His research areas include radioactive nuclei and antimatter.

== Life ==
Obertelli studied Physics at the University of Paris XI from 1999. He graduated with a Master's degree in 2002. He earned a PhD in Nuclear Physics in 2005 (La fermeture de sous-couche N=16) from the Institute of research into the fundamental laws of the Universe (IRFU) of the Fundamental Research Division of the Saclay Nuclear Research Centre. He was a postdoctoral fellow at the National Superconducting Cyclotron Laboratory (NSCL) at Michigan State University. In 2006, he returned to IRFU for research. In 2011, he habilitated at the University of Paris XI. In 2013/14 he became a fellow of the Japan Society for the Promotion of Science at Riken.

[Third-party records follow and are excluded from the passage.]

(* If M(xi) G A = A, the columns of A lie in the range of the symmetric matrix
   M(xi) and A^T M(xi)^- A = A^T G^T A, so the information matrix of xi depends
   on G only.  Hence, once the optimal product design xi0 also satisfies
   M(xi0) G A = A, every design xi with M(xi) G A = A has the information matrix
   of xi0 and is optimal; Phi enters only through the optimality of xi0.
   For xi0 = w0 (x) alpha0, M(xi0) = [[M1, m1 m2^T], [m2 m1^T, c M2]] with
   m1 = M1 1, m2 = M2 e1 and c = sum_i lambda_i w0_i.  Feasibility of xi0 forces
   w0 > 0 (Q1 has no zero row) and puts Q2 in the range of M2, while 1^T Q1 = 0
   and e1^T Q2 = 0 kill the off-diagonal blocks, so G = diag(M1^-1, c^-1 M2^-)
   works.  In the second part M2 = L diag(1, S) L^T with L = [[1, 0], [gbar, I]],
   so L^-T diag(1, S^-) L^-1 is a generalized inverse of M2, and for this G the
   four blocks of M(xi) G A = A are conditions (a)-(d). *)

From HB Require Import structures.
From mathcomp Require Import all_boot all_order all_algebra.
From mathcomp Require Import reals.
From mathcomp Require Import ring.
Import Order.TTheory GRing.Theory Num.Theory.
Local Open Scope ring_scope.
Set Implicit Arguments.
Unset Strict Implicit.
Unset Printing Implicit Defensive.

Section BlockSums.
Variables (V : nmodType) (I : Type) (r : seq I) (P : pred I).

In 2017 he joined the Institute of Nuclear Physics of the Technische Universität Darmstadt. In 2019, he became Alexander von Humboldt Professor.

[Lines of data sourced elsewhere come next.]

Lemma ex_uniform_bound (P : nat -> R -> Prop) :
  (forall k M M', M <= M' -> P k M -> P k M') ->
  (forall k, exists M, P k M) ->
  (exists N M, forall k, (N <= k)%nat -> P k M) ->
  exists M, forall k, P k M.
Proof.
  intros Hmono Heach [N [M HM]].
  assert (Hinit : forall n, exists M, forall k, (k < n)%nat -> P k M).
  { induction n as [|n [M1 HM1]]; [exists 0; intros; lia|].
    destruct (Heach n) as [M2 HM2]; exists (Rmax M1 M2); intros k Hk.
    destruct (Nat.eq_dec k n) as [-> | Hkn].
    - apply (Hmono _ M2); [apply Rmax_r | exact HM2].
    - apply (Hmono _ M1); [apply Rmax_l | apply HM1; lia]. }
  destruct (Hinit N) as [M' HM']; exists (Rmax M M'); intros k.
  destruct (Nat.lt_ge_cases k N).
  - apply (Hmono _ M'); [apply Rmax_r | auto].
  - apply (Hmono _ M); [apply Rmax_l | auto].
Qed.

Section FixedIndex.
Variables (gamma : nat -> R) (p : nat -> nat -> R) (k : nat).
Hypotheses (Hgk : 0 < gamma k) (Hpk : is_pgf_coeffs (p k)) (HK : 1 <= INR k).

Lemma lipschitz_phi_of_slope_dev a M : a <= INR k ->
  slope_dev_le (p k) (1 - a / INR k) M -> lipschitz_on (phi_fun gamma p k) a (gamma k * M).
Proof.
  intros Ha HM; apply lipschitz_on_ordered; intros x y Hx Hxy Hya; unfold phi_fun.
  set (K := INR k) in *.
  assert (y / K <= a / K) by (apply Rdiv_le_mono; lra).
  assert (x / K <= y / K) by (apply Rdiv_le_mono; lra).
  assert (0 <= x / K) by (apply Rdiv_le_0_compat; lra).
  assert (a / K <= 1) by (apply Rdiv_le_1; lra).
  rewrite <- Rmult_minus_distr_l, Rabs_mult, Rabs_minus_sym, (Rabs_right (K * gamma k)) by nra.
  eapply Rle_trans.
  { apply Rmult_le_compat_l; [nra|].
    apply (Rabs_pgf_id_sub_le (p k) Hpk (1 - a / K) M); [exact HM | lra ..]. }
  right; field; lra.
Qed.

Lemma slope_dev_of_lipschitz_phi a L : 0 <= a <= INR k ->
  lipschitz_on (phi_fun gamma p k) a L -> slope_dev_le (p k) (1 - a / INR k) (Rabs L / gamma k).
Proof.
  intros Ha HL t s Ht Hts Hs; set (K := INR k) in *.
  apply (lipschitz_on_le _ _ L (Rabs L) (Rle_abs L)) in HL.
  assert (a / K <= 1) by (apply Rdiv_le_1; lra).
  assert (a = K * (a / K)) by (field; lra).
  specialize (HL (K * (1 - s)) (K * (1 - t)) ltac:(nra) ltac:(nra)); unfold phi_fun in HL.
  fold K in HL.
  replace (1 - K * (1 - s) / K) with s in HL by (field; lra).
  replace (1 - K * (1 - t) / K) with t in HL by (field; lra).
  replace (K * (1 - s) - K * (1 - t)) with (- (K * (s - t))) in HL by ring.
  rewrite <- Rmult_minus_distr_l, (pgf_id_sub (p k) Hpk), Rabs_Ropp, !Rabs_mult, (Rabs_right K),
    (Rabs_right (gamma k)), (Rabs_right (s - t)) in HL by lra.
  apply Rmult_le_reg_l with (gamma k * (K * (s - t))); [apply Rmult_lt_0_compat; nra|].
  replace (gamma k * (K * (s - t)) * (Rabs L / gamma k)) with (Rabs L * (K * (s - t)))
    by (field; lra).
  nra.
Qed.

Lemma lipschitz_G_of_slope_dev a c M : 0 <= M -> c <= exp (- a / INR k) ->
  slope_dev_le (p k) c M -> lipschitz_on (G_fun gamma p k) a (gamma k * M).
Proof.
  intros HM0 Hc HM; apply lipschitz_on_ordered; intros x y Hx Hxy Hya; unfold G_fun.
  set (K := INR k) in *.
  replace (- a / K) with (- (a / K)) in Hc by (field; lra).
  replace (- x / K) with (- (x / K)) by (field; lra).
  replace (- y / K) with (- (y / K)) by (field; lra).
  assert (y / K <= a / K) by (apply Rdiv_le_mono; lra).
  assert (x / K <= y / K) by (apply Rdiv_le_mono; lra).
  assert (0 <= x / K) by (apply Rdiv_le_0_compat; lra).
  pose proof (exp_opp_sub_le (x / K) (y / K) ltac:(lra)).
  pose proof (exp_opp_le_1 (x / K) ltac:(lra)).
  assert (exp (- (a / K)) <= exp (- (y / K))) by (apply exp_le_exp_le; lra).
  assert (exp (- (y / K)) <= exp (- (x / K))) by (apply exp_le_exp_le; lra).
  pose proof (exp_pos (- (y / K))).
  rewrite <- Rmult_minus_distr_l, Rabs_mult, Rabs_minus_sym, (Rabs_right (K * gamma k)) by nra.
  eapply Rle_trans.
  { apply Rmult_le_compat_l; [nra|].
    apply (Rabs_pgf_id_sub_le (p k) Hpk c M); [exact HM | lra ..]. }
  apply Rle_trans with (K * gamma k * (M * ((y - x) / K))); [|right; field; lra].
  apply Rmult_le_compat_l; [nra|].
  apply Rmult_le_compat_l; [lra|].
  replace ((y - x) / K) with (y / K - x / K) by (field; lra); lra.
Qed.

Lemma slope_dev_of_lipschitz_G b L : 0 <= b ->
  lipschitz_on (G_fun gamma p k) b L ->
  slope_dev_le (p k) (exp (- b / INR k)) (Rabs L * exp (b / INR k) / gamma k).
Proof.
  intros Hb HL t s Ht Hts Hs; set (K := INR k) in *.
  pose proof (exp_pos (- b / K)).
  assert (Hlnt : - b / K <= ln t) by (rewrite <- (ln_exp (- b / K)); apply ln_le; lra).
  assert (ln t < ln s) by (apply ln_increasing; lra).
  assert (ln s <= 0) by (rewrite <- ln_1; apply ln_le; lra).
  assert (- b <= K * ln t).
  { replace (- b) with (K * (- b / K)) by (field; lra); apply Rmult_le_compat_l; lra. }
  specialize (HL (- (K * ln s)) (- (K * ln t)) ltac:(nra) ltac:(nra)); unfold G_fun in HL.
  fold K in HL.
  replace (- - (K * ln s) / K) with (ln s) in HL by (field; lra).
  replace (- - (K * ln t) / K) with (ln t) in HL by (field; lra).
  replace (- (K * ln s) - - (K * ln t)) with (- (K * (ln s - ln t))) in HL by ring.
  rewrite !exp_ln in HL by lra.
  rewrite <- Rmult_minus_distr_l, (pgf_id_sub (p k) Hpk), Rabs_Ropp, !Rabs_mult, (Rabs_right K),
    (Rabs_right (gamma k)), (Rabs_right (s - t)), (Rabs_right (ln s - ln t)) in HL by lra.
  assert (Hinvt : / t <= exp (b / K)).
  { replace (exp (b / K)) with (/ exp (- b / K)) by
      (rewrite <- exp_Ropp; f_equal; field; lra).
    apply Rinv_le_contravar; lra. }
  assert (Hln : ln s - ln t <= (s - t) * exp (b / K)).
  { eapply Rle_trans; [apply ln_sub_le; lra|].
    unfold Rdiv; apply Rmult_le_compat_l; lra. }
  assert (HL' : K * gamma k * ((s - t) * Rabs (pgf_slope (p k) t s - 1))
                <= Rabs L * (K * ((s - t) * exp (b / K)))).
  { eapply Rle_trans; [exact HL|].
    apply Rle_trans with (Rabs L * (K * (ln s - ln t))).
    - apply Rmult_le_compat_r; [nra | apply Rle_abs].
    - apply Rmult_le_compat_l; [apply Rabs_pos|]; apply Rmult_le_compat_l; lra. }
  apply Rmult_le_reg_l with (gamma k * (K * (s - t))); [apply Rmult_lt_0_compat; nra|].
  replace (gamma k * (K * (s - t)) * (Rabs L * exp (b / K) / gamma k))
    with (Rabs L * (K * ((s - t) * exp (b / K)))) by (field; lra).
  nra.
Qed.

Lemma Rabs_phi_sub_G_le a M z : a <= INR k -> 0 <= M ->
  slope_dev_le (p k) (1 - a / INR k) M -> 0 <= z <= a ->
  Rabs (phi_fun gamma p k z - G_fun gamma p k z) <= gamma k * M * a ^ 2 / INR k.
Proof.
  intros Ha HM0 HM Hz; unfold phi_fun, G_fun; set (K := INR k) in *.
  replace (- z / K) with (- (z / K)) by (field; lra).
  assert (z / K <= a / K) by (apply Rdiv_le_mono; lra).
  assert (0 <= z / K) by (apply Rdiv_le_0_compat; lra).
  assert (a / K <= 1) by (apply Rdiv_le_1; lra).
  pose proof (one_sub_le_exp_opp (z / K)); pose proof (exp_opp_le_1 (z / K) ltac:(lra)).
  pose proof (exp_opp_sub_one_sub_le (z / K) ltac:(lra)).
  assert ((z / K) ^ 2 <= (a / K) ^ 2) by (apply pow_incr; lra).
  rewrite <- Rmult_minus_distr_l, Rabs_mult, Rabs_minus_sym, (Rabs_right (K * gamma k)) by nra.
  eapply Rle_trans.
  { apply Rmult_le_compat_l; [nra|].
    apply (Rabs_pgf_id_sub_le (p k) Hpk (1 - a / K) M); [exact HM | lra ..]. }
  apply Rle_trans with (K * gamma k * (M * (a / K) ^ 2)); [|right; field; lra].
  apply Rmult_le_compat_l; [nra|]; apply Rmult_le_compat_l; lra.
Qed.

End FixedIndex.

Section UniformFamilies.
Variables (gamma : nat -> R) (p : nat -> nat -> R).
Hypotheses (Hgpos : forall k, 0 < gamma k) (Hpgf : forall k, is_pgf_coeffs (p k)).

Lemma slope_dev_global_of_unif_lip_G k : (1 <= k)%nat -> unif_lip_G gamma p ->
  exists M, 0 <= M /\ slope_dev_le (p k) 0 M.
Proof.
  intros Hk HG; assert (HK : 1 <= INR k) by (apply (le_INR 1); lia).
  destruct (HG 1 ltac:(lra)) as [L HL].
  eexists; split; [| apply (slope_dev_le_0 _ (Hpgf k) (exp (- 1 / INR k)))].
  - eapply Rle_trans; [| apply Rmax_l]; lra.
  - rewrite <- exp_0; apply exp_increasing.
    assert (0 < 1 / INR k) by (apply Rdiv_lt_0_compat; lra).
    replace (- 1 / INR k) with (- (1 / INR k)) by (field; lra); lra.
  - apply (slope_dev_of_lipschitz_G gamma p k (Hgpos k) (Hpgf k) HK 1 L); [lra | exact (HL k Hk)].
Qed.

Lemma slope_dev_global_of_unif_lip_phi k : (1 <= k)%nat -> unif_lip_phi gamma p ->
  exists M, 0 <= M /\ slope_dev_le (p k) 0 M.
Proof.
  intros Hk HP; assert (HK : 1 <= INR k) by (apply (le_INR 1); lia).
  destruct (HP 1 ltac:(lra)) as [L HL].
  eexists; split; [| apply (slope_dev_le_0 _ (Hpgf k) (1 - 1 / INR k))].
  - eapply Rle_trans; [| apply Rmax_l]; lra.
  - assert (0 < 1 / INR k) by (apply Rdiv_lt_0_compat; lra); lra.
  - apply (slope_dev_of_lipschitz_phi gamma p k (Hgpos k) (Hpgf k) HK 1 L);
      [lra | exact (HL k Hk HK)].
Qed.

(* For [k >= 2a]: [1 - a/k >= e^{-2a/k}], so the bound from [G_k] on [0, 2a] covers
   the interval seen by [phi_k] on [0, a]. *)
Lemma unif_lip_phi_of_G : unif_lip_G gamma p -> unif_lip_phi gamma p.
Proof.
  intros HG a Ha.
  apply (ex_uniform_bound (fun k L => (1 <= k)%nat -> a <= INR k ->
           lipschitz_on (phi_fun gamma p k) a L)).
  - intros k M M' HMM' H Hk Hak; apply (lipschitz_on_le _ _ M); auto.
  - intros k; destruct (Nat.lt_ge_cases k 1) as [? | Hk]; [exists 0; intros; lia|].
    destruct (slope_dev_global_of_unif_lip_G k Hk HG) as [M [HM0 HM]].
    exists (gamma k * M); intros _ Hak.
    assert (HK : 1 <= INR k) by (apply (le_INR 1); lia).
    apply lipschitz_phi_of_slope_dev; auto.
    apply (slope_dev_le_weaken _ 0 _ M); auto; [|lra].
    assert (a / INR k <= 1) by (apply Rdiv_le_1; lra); lra.
  - destruct (HG (2 * a) ltac:(lra)) as [L HL].
    destruct (INR_unbounded (2 * a)) as [N HN].
    exists N, (Rabs L * exp 1); intros k HNk Hk Hak.
    assert (HK : 1 <= INR k) by (apply (le_INR 1); lia).
    assert (H2a : 2 * a <= INR k) by (apply le_INR in HNk; lra).
    assert (Hak' : 0 <= a / INR k <= 1 / 2).
    { split; [apply Rdiv_le_0_compat; lra|].
      apply Rmult_le_reg_l with (INR k); [lra|]; field_simplify; lra. }
    pose proof (Hgpos k).
    replace (Rabs L * exp 1) with (gamma k * (Rabs L * exp 1 / gamma k)) by (field; lra).
    apply lipschitz_phi_of_slope_dev; auto.
    apply (slope_dev_le_weaken _ (exp (- (2 * a) / INR k)) _
             (Rabs L * exp (2 * a / INR k) / gamma k)).
    + replace (- (2 * a) / INR k) with (- (2 * (a / INR k))) by (field; lra).
      apply exp_opp_double_le; lra.
    + apply Rdiv_le_mono; auto; apply Rmult_le_compat_l; [apply Rabs_pos|].
      apply exp_le_exp_le; replace (2 * a / INR k) with (2 * (a / INR k)) by (field; lra); lra.
    + apply slope_dev_of_lipschitz_G; auto; [lra | exact (HL k Hk)].
Qed.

He is a member of the User Executive Committee of the Radioactive Isotopes Beam Factory (RIBF) of Riken and co-spokesperson of the SEASTAR Collaboration. In 2018 he became a member of the scientific council of the R3B (Reactions with relativistic radioactive rays) project group at the Facility for Antiproton and Ion Research (FAIR) in Darmstadt. He is a member of the scientific steering committees of the Grand Accélérateur National d'Ions Lourds (GANIL) and the Institute of Nuclear Physics (IPN) in Orsay.

== Research ==
He deals with spectroscopy of radioactive nuclei, for which he developed new methods. Starting in 2010, he investigated short-lived nuclei with inbeam gamma spectroscopy at the RIBF of RIKEN. The vertex tracker MINOS, a target container made of liquid hydrogen with a compact time projection chamber, was developed for this purpose. Obertelli used it, among other things, to search for exotic nuclei with new magic numbers. He is the speaker of the PUMA (antiProton Unstable Matter Annihilation) experiment, in which neutron skins and halos around neutron-rich medium-heavy nuclei (as an example of low-density neutron matter) are studied with antiprotons.

== Awards ==
He received the ERC Starting Grant in 2010 and the ERC Consolidator Grant in 2018. A year later, he received the Alexander von Humboldt Professorship from the Alexander von Humboldt Foundation, the highest endowed research award in Germany with a grant of five million euros.